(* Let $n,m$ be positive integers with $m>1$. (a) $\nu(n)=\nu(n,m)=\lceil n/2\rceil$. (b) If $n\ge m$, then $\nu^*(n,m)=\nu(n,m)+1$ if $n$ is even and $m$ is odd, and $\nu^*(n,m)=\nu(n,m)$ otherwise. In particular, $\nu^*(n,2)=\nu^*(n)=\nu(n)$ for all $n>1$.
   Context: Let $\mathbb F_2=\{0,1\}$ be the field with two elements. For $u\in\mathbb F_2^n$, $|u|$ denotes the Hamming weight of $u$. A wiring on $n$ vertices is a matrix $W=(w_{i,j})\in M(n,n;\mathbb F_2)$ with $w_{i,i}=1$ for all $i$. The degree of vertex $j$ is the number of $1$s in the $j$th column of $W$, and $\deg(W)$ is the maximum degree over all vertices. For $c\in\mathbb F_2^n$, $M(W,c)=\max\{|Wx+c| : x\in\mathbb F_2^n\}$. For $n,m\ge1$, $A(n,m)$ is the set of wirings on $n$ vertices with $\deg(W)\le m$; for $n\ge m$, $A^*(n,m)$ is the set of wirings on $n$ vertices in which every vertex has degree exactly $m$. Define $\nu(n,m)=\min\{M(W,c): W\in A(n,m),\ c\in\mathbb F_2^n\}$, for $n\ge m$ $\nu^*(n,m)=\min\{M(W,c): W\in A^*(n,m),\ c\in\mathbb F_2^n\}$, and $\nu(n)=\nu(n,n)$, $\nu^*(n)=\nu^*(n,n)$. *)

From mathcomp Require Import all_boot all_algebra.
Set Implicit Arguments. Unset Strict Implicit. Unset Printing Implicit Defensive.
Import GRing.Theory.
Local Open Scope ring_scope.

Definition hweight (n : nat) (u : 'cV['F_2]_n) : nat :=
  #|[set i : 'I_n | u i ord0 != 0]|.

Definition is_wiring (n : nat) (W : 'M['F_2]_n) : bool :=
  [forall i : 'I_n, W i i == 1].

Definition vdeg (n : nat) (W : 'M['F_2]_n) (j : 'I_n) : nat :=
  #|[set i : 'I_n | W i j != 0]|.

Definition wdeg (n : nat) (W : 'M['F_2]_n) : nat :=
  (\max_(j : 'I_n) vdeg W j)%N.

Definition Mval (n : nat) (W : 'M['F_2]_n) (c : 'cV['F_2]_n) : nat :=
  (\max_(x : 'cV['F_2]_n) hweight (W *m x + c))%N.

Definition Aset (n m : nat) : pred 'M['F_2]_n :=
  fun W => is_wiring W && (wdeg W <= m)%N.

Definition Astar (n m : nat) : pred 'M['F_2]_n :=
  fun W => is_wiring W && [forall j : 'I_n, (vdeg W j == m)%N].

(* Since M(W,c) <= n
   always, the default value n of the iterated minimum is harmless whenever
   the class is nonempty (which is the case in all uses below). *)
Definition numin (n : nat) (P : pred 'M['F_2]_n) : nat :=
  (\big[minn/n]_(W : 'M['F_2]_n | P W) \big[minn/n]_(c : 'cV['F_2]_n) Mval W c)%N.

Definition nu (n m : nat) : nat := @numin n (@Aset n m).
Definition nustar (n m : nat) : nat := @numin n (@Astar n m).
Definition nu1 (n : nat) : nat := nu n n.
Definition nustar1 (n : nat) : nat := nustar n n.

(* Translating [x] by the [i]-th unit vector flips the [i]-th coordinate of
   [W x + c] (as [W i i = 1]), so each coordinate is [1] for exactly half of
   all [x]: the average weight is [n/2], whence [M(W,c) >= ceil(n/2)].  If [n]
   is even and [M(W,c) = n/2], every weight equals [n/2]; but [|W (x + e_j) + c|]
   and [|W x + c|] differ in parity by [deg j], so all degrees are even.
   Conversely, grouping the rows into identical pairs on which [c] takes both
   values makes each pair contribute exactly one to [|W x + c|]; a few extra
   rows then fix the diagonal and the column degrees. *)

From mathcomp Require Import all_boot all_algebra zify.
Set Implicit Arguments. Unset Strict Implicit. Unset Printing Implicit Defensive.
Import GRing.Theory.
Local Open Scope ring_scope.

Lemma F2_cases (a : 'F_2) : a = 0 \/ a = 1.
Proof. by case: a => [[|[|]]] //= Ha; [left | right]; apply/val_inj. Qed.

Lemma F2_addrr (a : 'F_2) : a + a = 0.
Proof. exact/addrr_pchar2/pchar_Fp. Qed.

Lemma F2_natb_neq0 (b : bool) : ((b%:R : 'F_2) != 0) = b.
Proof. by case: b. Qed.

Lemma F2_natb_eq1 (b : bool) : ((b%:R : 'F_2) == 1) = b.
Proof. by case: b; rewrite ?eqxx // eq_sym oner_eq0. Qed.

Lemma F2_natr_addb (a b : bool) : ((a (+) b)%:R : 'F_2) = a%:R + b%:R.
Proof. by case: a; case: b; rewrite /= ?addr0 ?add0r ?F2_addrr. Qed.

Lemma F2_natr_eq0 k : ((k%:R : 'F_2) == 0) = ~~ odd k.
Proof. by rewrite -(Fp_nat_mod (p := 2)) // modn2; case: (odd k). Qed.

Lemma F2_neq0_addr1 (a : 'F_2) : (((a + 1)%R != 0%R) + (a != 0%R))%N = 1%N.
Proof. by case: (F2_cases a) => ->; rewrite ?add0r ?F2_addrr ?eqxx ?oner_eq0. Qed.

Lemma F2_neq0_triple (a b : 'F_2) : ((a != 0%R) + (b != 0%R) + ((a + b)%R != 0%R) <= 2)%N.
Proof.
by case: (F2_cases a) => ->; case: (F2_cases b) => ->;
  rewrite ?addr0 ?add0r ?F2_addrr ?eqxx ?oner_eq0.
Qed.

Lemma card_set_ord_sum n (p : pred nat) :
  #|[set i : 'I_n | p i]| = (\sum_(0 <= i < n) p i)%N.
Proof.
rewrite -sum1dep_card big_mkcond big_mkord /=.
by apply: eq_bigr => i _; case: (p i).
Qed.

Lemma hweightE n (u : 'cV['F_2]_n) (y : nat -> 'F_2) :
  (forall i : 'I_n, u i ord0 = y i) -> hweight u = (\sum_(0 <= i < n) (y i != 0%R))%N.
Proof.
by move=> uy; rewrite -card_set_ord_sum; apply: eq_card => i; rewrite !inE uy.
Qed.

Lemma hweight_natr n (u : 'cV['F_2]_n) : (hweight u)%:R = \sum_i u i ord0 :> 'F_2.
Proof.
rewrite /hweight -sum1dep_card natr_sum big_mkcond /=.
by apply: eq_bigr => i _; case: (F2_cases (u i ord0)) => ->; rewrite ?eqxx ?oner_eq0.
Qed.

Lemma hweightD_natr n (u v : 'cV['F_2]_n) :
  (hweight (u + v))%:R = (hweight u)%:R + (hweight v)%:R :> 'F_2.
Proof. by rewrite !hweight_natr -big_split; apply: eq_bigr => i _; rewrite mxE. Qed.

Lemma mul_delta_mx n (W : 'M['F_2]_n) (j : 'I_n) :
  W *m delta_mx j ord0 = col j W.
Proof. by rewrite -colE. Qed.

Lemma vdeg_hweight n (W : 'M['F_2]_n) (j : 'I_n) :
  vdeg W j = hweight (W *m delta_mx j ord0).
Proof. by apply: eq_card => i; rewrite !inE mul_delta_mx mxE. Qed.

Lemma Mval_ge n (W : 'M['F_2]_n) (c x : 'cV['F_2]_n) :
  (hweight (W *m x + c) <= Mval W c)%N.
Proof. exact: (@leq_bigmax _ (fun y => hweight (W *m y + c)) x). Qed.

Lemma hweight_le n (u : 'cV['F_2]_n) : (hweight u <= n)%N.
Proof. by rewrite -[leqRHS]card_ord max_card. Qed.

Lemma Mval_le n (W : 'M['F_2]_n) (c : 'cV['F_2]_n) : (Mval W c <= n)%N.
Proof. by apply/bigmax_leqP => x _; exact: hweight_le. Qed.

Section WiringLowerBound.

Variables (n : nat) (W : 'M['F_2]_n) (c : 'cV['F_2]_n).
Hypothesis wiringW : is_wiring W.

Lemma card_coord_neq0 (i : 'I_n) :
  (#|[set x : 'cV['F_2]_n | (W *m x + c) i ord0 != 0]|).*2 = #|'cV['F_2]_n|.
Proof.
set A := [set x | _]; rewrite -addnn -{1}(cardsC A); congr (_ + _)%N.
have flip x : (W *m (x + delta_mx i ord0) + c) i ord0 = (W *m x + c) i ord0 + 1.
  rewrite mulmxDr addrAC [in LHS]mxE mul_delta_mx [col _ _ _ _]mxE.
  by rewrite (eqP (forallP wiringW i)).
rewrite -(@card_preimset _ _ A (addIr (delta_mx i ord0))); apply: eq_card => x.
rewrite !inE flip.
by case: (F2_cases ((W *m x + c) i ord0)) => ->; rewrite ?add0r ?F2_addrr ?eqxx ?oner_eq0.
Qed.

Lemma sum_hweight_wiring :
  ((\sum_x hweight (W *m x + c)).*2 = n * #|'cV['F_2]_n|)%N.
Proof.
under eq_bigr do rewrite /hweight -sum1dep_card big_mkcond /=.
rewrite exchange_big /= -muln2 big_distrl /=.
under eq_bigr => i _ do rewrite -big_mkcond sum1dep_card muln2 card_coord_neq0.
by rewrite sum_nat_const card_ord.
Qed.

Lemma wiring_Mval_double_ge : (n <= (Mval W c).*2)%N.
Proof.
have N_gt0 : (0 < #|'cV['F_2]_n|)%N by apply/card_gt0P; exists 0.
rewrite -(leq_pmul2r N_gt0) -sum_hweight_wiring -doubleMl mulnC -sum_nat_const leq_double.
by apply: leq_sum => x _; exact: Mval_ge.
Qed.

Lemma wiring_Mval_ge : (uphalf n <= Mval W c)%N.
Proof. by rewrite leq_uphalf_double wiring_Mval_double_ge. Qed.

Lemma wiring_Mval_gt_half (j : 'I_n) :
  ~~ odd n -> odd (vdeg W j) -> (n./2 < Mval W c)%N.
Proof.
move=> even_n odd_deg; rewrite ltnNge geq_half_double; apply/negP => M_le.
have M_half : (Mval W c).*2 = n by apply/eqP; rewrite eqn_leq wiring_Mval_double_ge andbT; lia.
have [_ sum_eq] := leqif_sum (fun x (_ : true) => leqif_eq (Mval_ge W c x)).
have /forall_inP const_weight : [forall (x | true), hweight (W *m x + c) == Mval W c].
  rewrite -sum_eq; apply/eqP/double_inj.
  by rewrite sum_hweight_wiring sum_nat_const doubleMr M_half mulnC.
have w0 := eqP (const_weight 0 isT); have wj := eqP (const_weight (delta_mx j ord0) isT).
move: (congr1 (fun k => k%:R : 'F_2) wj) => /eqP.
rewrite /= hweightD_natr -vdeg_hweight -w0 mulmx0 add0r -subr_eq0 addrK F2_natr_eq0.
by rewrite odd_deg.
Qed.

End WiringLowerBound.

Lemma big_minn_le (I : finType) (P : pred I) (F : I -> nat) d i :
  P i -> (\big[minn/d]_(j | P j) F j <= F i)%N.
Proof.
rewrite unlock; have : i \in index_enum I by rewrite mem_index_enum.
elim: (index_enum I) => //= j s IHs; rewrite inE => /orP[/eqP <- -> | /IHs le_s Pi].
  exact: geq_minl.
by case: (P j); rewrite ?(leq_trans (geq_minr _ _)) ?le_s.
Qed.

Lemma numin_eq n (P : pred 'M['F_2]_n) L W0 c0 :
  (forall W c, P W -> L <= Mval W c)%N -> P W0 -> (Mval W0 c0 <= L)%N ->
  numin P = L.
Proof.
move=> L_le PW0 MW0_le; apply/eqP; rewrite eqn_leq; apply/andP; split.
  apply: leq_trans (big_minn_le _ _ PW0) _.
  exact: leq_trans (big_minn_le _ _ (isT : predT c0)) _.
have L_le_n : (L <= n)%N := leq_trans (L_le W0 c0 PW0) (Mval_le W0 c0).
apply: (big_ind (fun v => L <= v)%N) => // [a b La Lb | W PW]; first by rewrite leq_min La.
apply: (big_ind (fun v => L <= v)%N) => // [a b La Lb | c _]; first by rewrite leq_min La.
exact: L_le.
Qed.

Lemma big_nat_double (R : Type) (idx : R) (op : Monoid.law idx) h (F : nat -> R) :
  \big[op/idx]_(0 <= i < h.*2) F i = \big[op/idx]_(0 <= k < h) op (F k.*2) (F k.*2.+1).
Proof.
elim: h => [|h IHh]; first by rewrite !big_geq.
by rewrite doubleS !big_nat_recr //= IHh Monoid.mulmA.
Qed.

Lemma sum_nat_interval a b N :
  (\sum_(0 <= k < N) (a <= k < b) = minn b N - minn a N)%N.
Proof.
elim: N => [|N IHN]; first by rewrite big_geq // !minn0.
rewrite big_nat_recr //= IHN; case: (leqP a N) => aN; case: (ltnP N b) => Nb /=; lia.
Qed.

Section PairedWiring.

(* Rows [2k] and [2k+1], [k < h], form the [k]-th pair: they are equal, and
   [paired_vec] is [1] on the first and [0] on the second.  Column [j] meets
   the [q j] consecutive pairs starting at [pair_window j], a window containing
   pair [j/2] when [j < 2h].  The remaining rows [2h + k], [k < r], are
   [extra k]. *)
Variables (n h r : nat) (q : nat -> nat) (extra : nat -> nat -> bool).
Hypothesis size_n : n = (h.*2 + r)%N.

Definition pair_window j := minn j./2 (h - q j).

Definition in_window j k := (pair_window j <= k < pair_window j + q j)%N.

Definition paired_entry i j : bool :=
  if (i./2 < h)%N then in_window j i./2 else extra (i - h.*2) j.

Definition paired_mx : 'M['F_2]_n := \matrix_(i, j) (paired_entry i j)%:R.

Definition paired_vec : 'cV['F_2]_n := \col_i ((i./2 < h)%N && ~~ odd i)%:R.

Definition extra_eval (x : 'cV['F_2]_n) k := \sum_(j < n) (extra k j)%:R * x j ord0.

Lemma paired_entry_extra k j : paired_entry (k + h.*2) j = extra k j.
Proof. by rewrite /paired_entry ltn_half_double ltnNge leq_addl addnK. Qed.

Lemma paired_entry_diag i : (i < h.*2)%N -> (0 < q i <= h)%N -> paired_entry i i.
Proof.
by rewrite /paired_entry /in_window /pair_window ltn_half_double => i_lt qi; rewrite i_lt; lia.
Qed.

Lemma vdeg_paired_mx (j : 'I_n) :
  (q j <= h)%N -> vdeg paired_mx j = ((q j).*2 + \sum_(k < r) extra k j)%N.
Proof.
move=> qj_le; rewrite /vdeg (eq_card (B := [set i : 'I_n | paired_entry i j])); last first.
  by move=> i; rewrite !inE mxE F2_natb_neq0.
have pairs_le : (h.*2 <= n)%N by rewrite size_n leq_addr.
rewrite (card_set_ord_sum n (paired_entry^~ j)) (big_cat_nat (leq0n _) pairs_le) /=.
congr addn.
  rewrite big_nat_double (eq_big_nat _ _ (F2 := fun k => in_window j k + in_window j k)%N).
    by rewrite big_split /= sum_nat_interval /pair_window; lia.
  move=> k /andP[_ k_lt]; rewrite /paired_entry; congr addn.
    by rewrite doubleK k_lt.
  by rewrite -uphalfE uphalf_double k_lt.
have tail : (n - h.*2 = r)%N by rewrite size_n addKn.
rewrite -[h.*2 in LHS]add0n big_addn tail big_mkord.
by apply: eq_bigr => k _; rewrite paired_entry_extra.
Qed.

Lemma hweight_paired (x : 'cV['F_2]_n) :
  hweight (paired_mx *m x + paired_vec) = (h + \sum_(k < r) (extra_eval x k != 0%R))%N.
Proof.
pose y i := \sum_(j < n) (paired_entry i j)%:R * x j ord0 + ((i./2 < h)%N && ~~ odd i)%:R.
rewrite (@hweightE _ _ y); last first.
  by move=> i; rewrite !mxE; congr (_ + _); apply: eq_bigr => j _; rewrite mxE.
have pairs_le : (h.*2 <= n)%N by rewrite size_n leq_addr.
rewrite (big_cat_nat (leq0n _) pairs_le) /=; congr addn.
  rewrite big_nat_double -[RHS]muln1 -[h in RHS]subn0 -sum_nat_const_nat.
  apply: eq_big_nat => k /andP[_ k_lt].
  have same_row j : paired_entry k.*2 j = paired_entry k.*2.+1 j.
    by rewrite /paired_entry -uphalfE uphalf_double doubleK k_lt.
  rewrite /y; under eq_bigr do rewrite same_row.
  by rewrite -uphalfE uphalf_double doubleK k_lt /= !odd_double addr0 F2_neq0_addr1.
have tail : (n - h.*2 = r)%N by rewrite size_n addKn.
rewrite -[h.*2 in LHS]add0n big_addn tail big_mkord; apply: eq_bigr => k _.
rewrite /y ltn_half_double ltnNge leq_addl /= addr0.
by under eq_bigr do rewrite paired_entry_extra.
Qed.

• • • •

**What you need to do:** Throughout the material, how many lines contain the string "uphalfE"? Answer with the number alone.

**Solution to the problem:** 3